A laranja é a fonte mais lembrada, mas está longe de ser a mais concentrada. Pimentão cru e brócolis costumam superar frutas cítricas por grama.

IDR, teto de suplementação e o que o %VD diz

A IDR de vitamina C para adultos no Brasil é de 45 mg. O limite máximo em suplementos alimentares para adultos é de 1000 mg por dia.

Esses dois números não competem entre si. A IDR é a base de cálculo do %VD na tabela nutricional. O limite máximo é o teto regulatório da categoria de suplemento alimentar. Um produto de 1000 mg mostrará %VD muito acima de 100% simplesmente porque a IDR de referência é 45 mg.

O organismo não armazena vitamina C em grande quantidade. O excedente circulante é eliminado pela urina, o que explica por que a ingestão regular importa mais do que a dose isolada.

Vitamina C e ferro não-heme

Uma interação nutricional bem estabelecida: a vitamina C aumenta a absorção do ferro não-heme, presente em alimentos de origem vegetal. O ácido ascórbico reduz o ferro à forma ferrosa, mais absorvível no intestino. Na prática, isso é um argumento a favor de combinar, na mesma refeição, uma fonte vegetal de ferro com uma fonte de vitamina C.

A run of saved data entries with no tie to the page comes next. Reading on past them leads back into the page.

From HB Require Import structures.
From mathcomp Require Import all_boot all_order all_algebra polyXY ring.
From Stdlib Require Import Classical_Prop.
Import Order.TTheory GRing.Theory Num.Theory.
Local Open Scope ring_scope.
Set Implicit Arguments. Unset Strict Implicit.

(* 1. Unique factorization, replaced by a Gauss lemma over C[Y]: every nonzero
      polynomial is c * D with c in C[Y] and D primitive (no factor Y - a), a
      primitive factor of s * A (s in C[Y]) divides A, and a coprime pair g, D
      generates a nonzero r = u g + v D of C[Y] (essentially the resultant).
      Hence two coprime divisors g, h of f satisfy f = n * h * g.
   2. For a real weight w, taking the initial form is multiplicative:
      in(A * B, w) = in(A, w) * in(B, w).
   3. A common zero of two factors is a singular point of the product.

   If in(g, w) and in(h, w) had a common zero with nonzero coordinates, then
   by 2 it would be a common zero of in(n, w) in(h, w) in(g, w) = in(f, w),
   and by 3 a singular point of in(f, w), contradicting the nondegeneracy
   of f.  Quasi-convenience passes to factors by reading the Cauchy product
   on the coordinate axes. *)

Section GaussLemma.
Variable C : numClosedFieldType.
Local Notation P := {poly {poly C}}.

(* [evY a A] is A(X, a), the specialization of the inner variable Y at a. *)
Local Notation evY a := (map_poly (horner_eval a) : P -> {poly C}).

Local Notation Yfactor a := (('X - a%:P)%:P : P).

(* D is primitive in Y: no linear factor Y - a divides D, i.e. its content
   (the gcd of its coefficients in C[Y]) is a nonzero constant. *)
Definition Yprimitive (D : P) : Prop := forall a : C, evY a D != 0.

Lemma Yfactor_neq0 (a : C) : Yfactor a != 0.
Proof. by rewrite polyC_eq0 polyXsubC_eq0. Qed.

Lemma Yfactor_not_unit (a : C) : Yfactor a \isn't a GRing.unit.
Proof. by rewrite poly_unitE coefC /= poly_unitE size_XsubC andbF. Qed.

Lemma evY_eq0_factor (a : C) (A : P) :
  evY a A = 0 -> exists A' : P, A = A' * Yfactor a.
Proof.
move=> A_a0; exists (map_poly (fun c => c %/ ('X - a%:P)) A).
apply/polyP => i; rewrite coefMC coef_map_id0 ?div0p //.
have : (evY a A)`_i = 0 by rewrite A_a0 coef0.
rewrite coef_map /= horner_evalE => rootAi.
by rewrite divpK // dvdp_XsubCl /root rootAi.
Qed.

Lemma const_dvd (s : {poly C}) (D A B : P) : s != 0 ->
  (forall a, root s a -> evY a D != 0) -> s%:P * A = D * B ->
  exists Q : P, B = s%:P * Q.
Proof.
have [n] := ubnP (size s); elim: n s A B => // n IH s A B.
rewrite ltnS => sz_s s0 Dnz eAB.
have [/eqP/size_poly1P [c c0 ->]|s_nc] := eqVneq (size s) 1.
  exists ((c^-1)%:P%:P * B).
  by rewrite mulrA -!polyCM mulfV // mul1r.
have /closed_rootP [a sa] := s_nc.
set s' := s %/ ('X - a%:P).
have es : s = s' * ('X - a%:P) by rewrite divpK // dvdp_XsubCl.
have s'0 : s' != 0 by apply: contraNneq s0 => s'0; rewrite es s'0 mul0r.
have : evY a (D * B) = 0.
  by rewrite -eAB rmorphM /= map_polyC /= horner_evalE (rootP sa) polyC0 mul0r.
rewrite rmorphM => /eqP; rewrite mulf_eq0 (negbTE (Dnz a sa)) /=.
move=> /eqP /evY_eq0_factor [B' eB].
have eAB' : s'%:P * A = D * B'.
  apply: (mulIf (Yfactor_neq0 a)).
  by rewrite mulrAC -polyCM -es eAB eB mulrA.
have [||Q eQ] := IH s' A B' _ s'0 _ eAB'.
- by move: sz_s; rewrite es size_mul ?polyXsubC_eq0 // size_XsubC addn2.
- by move=> b s'b; apply: Dnz; rewrite es rootM s'b.
by exists Q; rewrite eB eQ es polyCM; ring.
Qed.

Lemma Yprimitive_cancel (s : {poly C}) (D A B : P) :
  Yprimitive D -> s != 0 -> s%:P * A = D * B -> exists Q : P, A = Q * D.
Proof.
move=> Dprim s0 eAB; have [Q eB] := const_dvd s0 (fun a _ => Dprim a) eAB.
exists Q; apply: (mulfI (x := s%:P)); first by rewrite polyC_eq0.
by rewrite eAB eB; ring.
Qed.

Lemma content_decomposition (A : P) : A != 0 ->
  exists (c : {poly C}) (D : P), [/\ c != 0, Yprimitive D & A = c%:P * D].
Proof.
have [n] := ubnP (size (lead_coef A)); elim: n A => // n IH A.
rewrite ltnS => sz_A A0.
have [[a /evY_eq0_factor [A' eA]]|noroot] := classic (exists a, evY a A = 0);
  last first.
  exists 1, A; split; rewrite ?oner_neq0 ?mul1r // => a.
  by apply/eqP => Aa0; apply: noroot; exists a.
have A'0 : A' != 0 by apply: contraNneq A0 => A'0; rewrite eA A'0 mul0r.
have [|c [D [c0 Dprim eA']]] := IH A' _ A'0.
  move: sz_A; rewrite eA lead_coefM lead_coefC.
  by rewrite size_mul ?lead_coef_eq0 ?polyXsubC_eq0 // size_XsubC addn2.
exists (c * ('X - a%:P)), D; split; rewrite ?mulf_neq0 ?polyXsubC_eq0 //.
by rewrite eA eA' polyCM; ring.
Qed.

(* A coprime pair has a pseudo-gcd of degree 0 in X: the primitive part of the
   gcd divides both polynomials in C[X,Y], hence is a unit. *)
Lemma coprime_gcdp_size (g D : P) : bcoprime g D -> (size (gcdp g D) <= 1)%N.
Proof.
move=> cop; set d := gcdp g D.
have [->|d0] := eqVneq d 0; first by rewrite size_poly0.
have [e [E [e0 Eprim ed]]] := content_decomposition d0.
have E_dvd G : d %| G -> bdvd E G.
  move=> /Pdiv.Idomain.dvdpP [[c q] /= c0 eG].
  have eG' : c%:P * G = E * (q * e%:P) by rewrite mul_polyC eG ed; ring.
  by have [Q eQ] := Yprimitive_cancel Eprim c0 eG'; exists Q.
have := cop E (E_dvd g (dvdp_gcdl g D)) (E_dvd D (dvdp_gcdr g D)).
by rewrite poly_unitE ed mul_polyC size_scale // => /andP [/eqP ->].
Qed.

(* Coprime polynomials generate an ideal containing a nonzero element of C[Y]
   (their resultant with respect to X, when both have positive X-degree). *)
Lemma coprime_const_combination (g D : P) : g != 0 -> D != 0 -> bcoprime g D ->
  exists (r : {poly C}) (u v : P), r != 0 /\ r%:P = u * g + v * D.
Proof.
move=> g0 D0 cop.
have [/eqP/size_poly1P [c c0 ->]|g_nc] := eqVneq (size g) 1.
  by exists c, 1, 0; rewrite mul1r mul0r addr0.
have [/eqP/size_poly1P [c c0 ->]|D_nc] := eqVneq (size D) 1.
  by exists c, 0, 1; rewrite mul1r mul0r add0r.
have size_gt1 (A : P) : A != 0 -> size A != 1%N -> (1 < size A)%N.
  by move=> A0 A1; rewrite ltn_neqAle eq_sym A1 size_poly_gt0.
have [[u v] _ /= eres] :=
  resultant_in_ideal (size_gt1 _ g0 g_nc) (size_gt1 _ D0 D_nc).
exists (resultant g D), u, v; split=> //.
by rewrite resultant_eq0 -leqNgt coprime_gcdp_size.
Qed.

(* Euclid's lemma in C[X,Y]: if h divides k * g and is coprime to g, then h
   divides k.  Write h = c * D with D primitive: D divides k by Gauss, and c
   divides k / D since no root of c kills g. *)
Lemma coprime_dvd (g h k m : P) : g != 0 -> h != 0 -> bcoprime g h ->
  k * g = m * h -> exists q : P, k = q * h.
Proof.
move=> g0 h0 cop ekg.
have [c [D [c0 Dprim eh]]] := content_decomposition h0.
have D0 : D != 0 by apply: contraNneq h0 => D0; rewrite eh D0 mulr0.
have copD : bcoprime g D.
  move=> d dg [x ex]; apply: (cop d dg).
  by exists (x * c%:P); rewrite eh ex; ring.
have [r [u [v [r0 er]]]] := coprime_const_combination g0 D0 copD.
have [Q eQ] : exists Q, k = Q * D.
  apply: (Yprimitive_cancel Dprim r0 (B := u * m * c%:P + v * k)).
  rewrite er; transitivity (u * (k * g) + v * D * k); first by ring.
  by rewrite ekg eh; ring.
have eQg : c%:P * m = g * Q.
  apply: (mulIf D0); transitivity (m * h); first by rewrite eh; ring.
  by rewrite -ekg eQ; ring.
have gnz a : root c a -> evY a g != 0.
  move=> ca; apply/negP => /eqP /evY_eq0_factor [g' eg].
  have [c' ec] : exists c', c = c' * ('X - a%:P).
    by exists (c %/ ('X - a%:P)); rewrite divpK // dvdp_XsubCl.
  have Yfactor_dvd_h : bdvd (Yfactor a) h.
    by exists (c'%:P * D); rewrite eh ec polyCM; ring.
  have := cop _ (ex_intro _ g' eg) Yfactor_dvd_h.
  by rewrite (negbTE (Yfactor_not_unit a)).
have [Q' eQ'] := const_dvd c0 gnz eQg.
by exists Q'; rewrite eQ eQ' eh; ring.
Qed.

Lemma coprime_mul_dvd (f g h : P) : f != 0 -> bcoprime g h ->
  bdvd g f -> bdvd h f -> exists n : P, f = n * h * g.
Proof.
move=> f0 cop [k ek] [m em].
have g0 : g != 0 by apply: contraNneq f0 => g0; rewrite ek g0 mulr0.
have h0 : h != 0 by apply: contraNneq f0 => h0; rewrite em h0 mulr0.
have [q eq] := coprime_dvd g0 h0 cop (etrans (esym ek) em).
by exists q; rewrite ek eq.
Qed.

End GaussLemma.

Section InitialForms.
Variable C : numClosedFieldType.
Local Notation P := {poly {poly C}}.
Implicit Types A B : P.

Lemma bcoefM A B a b : bcoef (A * B) a b =
  \sum_(i < a.+1) \sum_(j < b.+1) bcoef A i j * bcoef B (a - i) (b - j).
Proof.
by rewrite /bcoef coefM coef_sum; apply: eq_bigr => i _; rewrite coefM.
Qed.

Lemma bcoef_inj A B : (forall a b, bcoef A a b = bcoef B a b) -> A = B.
Proof. by move=> eAB; apply/polyP => a; apply/polyP => b; apply: eAB. Qed.

Lemma bcoef_support A a b : bcoef A a b != 0 ->
  (a < size A)%N /\ (b < size (xcoef A a))%N.
Proof.
rewrite /bcoef /xcoef => nz; split; rewrite ltnNge; apply: contra nz => le.
  by rewrite [A`_a]nth_default // coef0.
by rewrite nth_default.
Qed.

Lemma bcoef_neq0_poly A a b : bcoef A a b != 0 -> A != 0.
Proof. by apply: contraNneq => ->; rewrite /bcoef !coef0. Qed.

Lemma poly_neq0_bcoef A : A != 0 -> exists a b, bcoef A a b != 0.
Proof.
move=> A0; exists (size A).-1, (size (lead_coef A)).-1.
by rewrite /bcoef -!lead_coefE !lead_coef_eq0.
Qed.

Lemma sum_neq0 (R : nmodType) n (F : 'I_n -> R) :
  \sum_i F i != 0 -> exists i, F i != 0.
Proof.
have [i Fi _|F0] := pickP (fun i => F i != 0); first by exists i.
by rewrite big1 ?eqxx // => i _; apply/eqP/negbFE/F0.
Qed.

Lemma attainsP A p q a b :
  reflect (forall a' b', bcoef A a' b' != 0 -> wdeg p q a' b' <= wdeg p q a b)
          (attains_max A p q a b).
Proof.
rewrite /attains_max; apply: (iffP idP) => [H a' b' nz | H].
  have [ha hb] := bcoef_support nz.
  move: H; rewrite big_andE => /forallP /(_ (Ordinal ha)) /=.
  by rewrite big_andE => /forallP /(_ (Ordinal hb)) /= /implyP; apply.
rewrite big_andE; apply/forallP => i /=; rewrite big_andE.
by apply/forallP => j /=; apply/implyP => nz; apply: H.
Qed.

Definition is_wdeg A (p q m : C) : Prop :=
  (exists a b, bcoef A a b != 0 /\ wdeg p q a b = m) /\
  (forall a b, bcoef A a b != 0 -> wdeg p q a b <= m).

Lemma seq_argmax (T : eqType) (s : seq T) (w : T -> C) x0 :
  (forall x, w x \is Num.real) -> x0 \in s ->
  exists2 x, x \in s & forall y, y \in s -> w y <= w x.
Proof.
move=> wreal; elim: s x0 => [//|x [|z s] IH] x0 _.
  by exists x; rewrite ?mem_head // => y; rewrite inE => /eqP ->.
have [m ms maxm] := IH z (mem_head _ _).
have /orP [le|le] := real_leVge (wreal x) (wreal m).
  exists m; first by rewrite inE ms orbT.
  by move=> y; rewrite inE => /orP [/eqP ->|/maxm].
exists x; first exact: mem_head.
by move=> y; rewrite inE => /orP [/eqP ->|/maxm/le_trans]; [|apply].
Qed.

Como ler a tabela nutricional de um suplemento

  1. Porção: quantos comprimidos ou cápsulas o fabricante considera uma porção.
  2. Quantidade por porção: em miligramas de vitamina C.
  3. Porções por embalagem: converte o frasco em dias de uso.
  4. %VD: calculado sobre 45 mg.
  5. Forma e apresentação: ácido ascórbico em liberação imediata ou em ação prolongada, comprimido revestido ou não.

Controle de qualidade FDC

A FDC opera laboratório próprio. O teor de vitaminas é verificado por cromatografia líquida de alta eficiência (HPLC) e os minerais por espectrometria de absorção atômica, com laudo por lote. A produção segue Boas Práticas de Fabricação (BPF) e os produtos são notificados na ANVISA. No caso da vitamina C, essa verificação importa especialmente: é um ativo que se degrada, e o teor precisa ser confirmado no lote, não presumido pela fórmula.

Orientação de uso

Siga o rótulo. A avaliação de necessidade e dose cabe a médico ou nutricionista.

Referências

BRASIL. Agência Nacional de Vigilância Sanitária. Instrução Normativa nº 28, de 26 de julho de 2018.

VANNUCCHI, H.; ROCHA, M. M. Ácido ascórbico (vitamina C). São Paulo: ILSI Brasil, 2012.

Suplemento alimentar. Não é medicamento. Não substitui uma alimentação variada e equilibrada nem estilo de vida saudável. Não diagnostica, trata, cura nem previne doenças. Consulte médico ou nutricionista.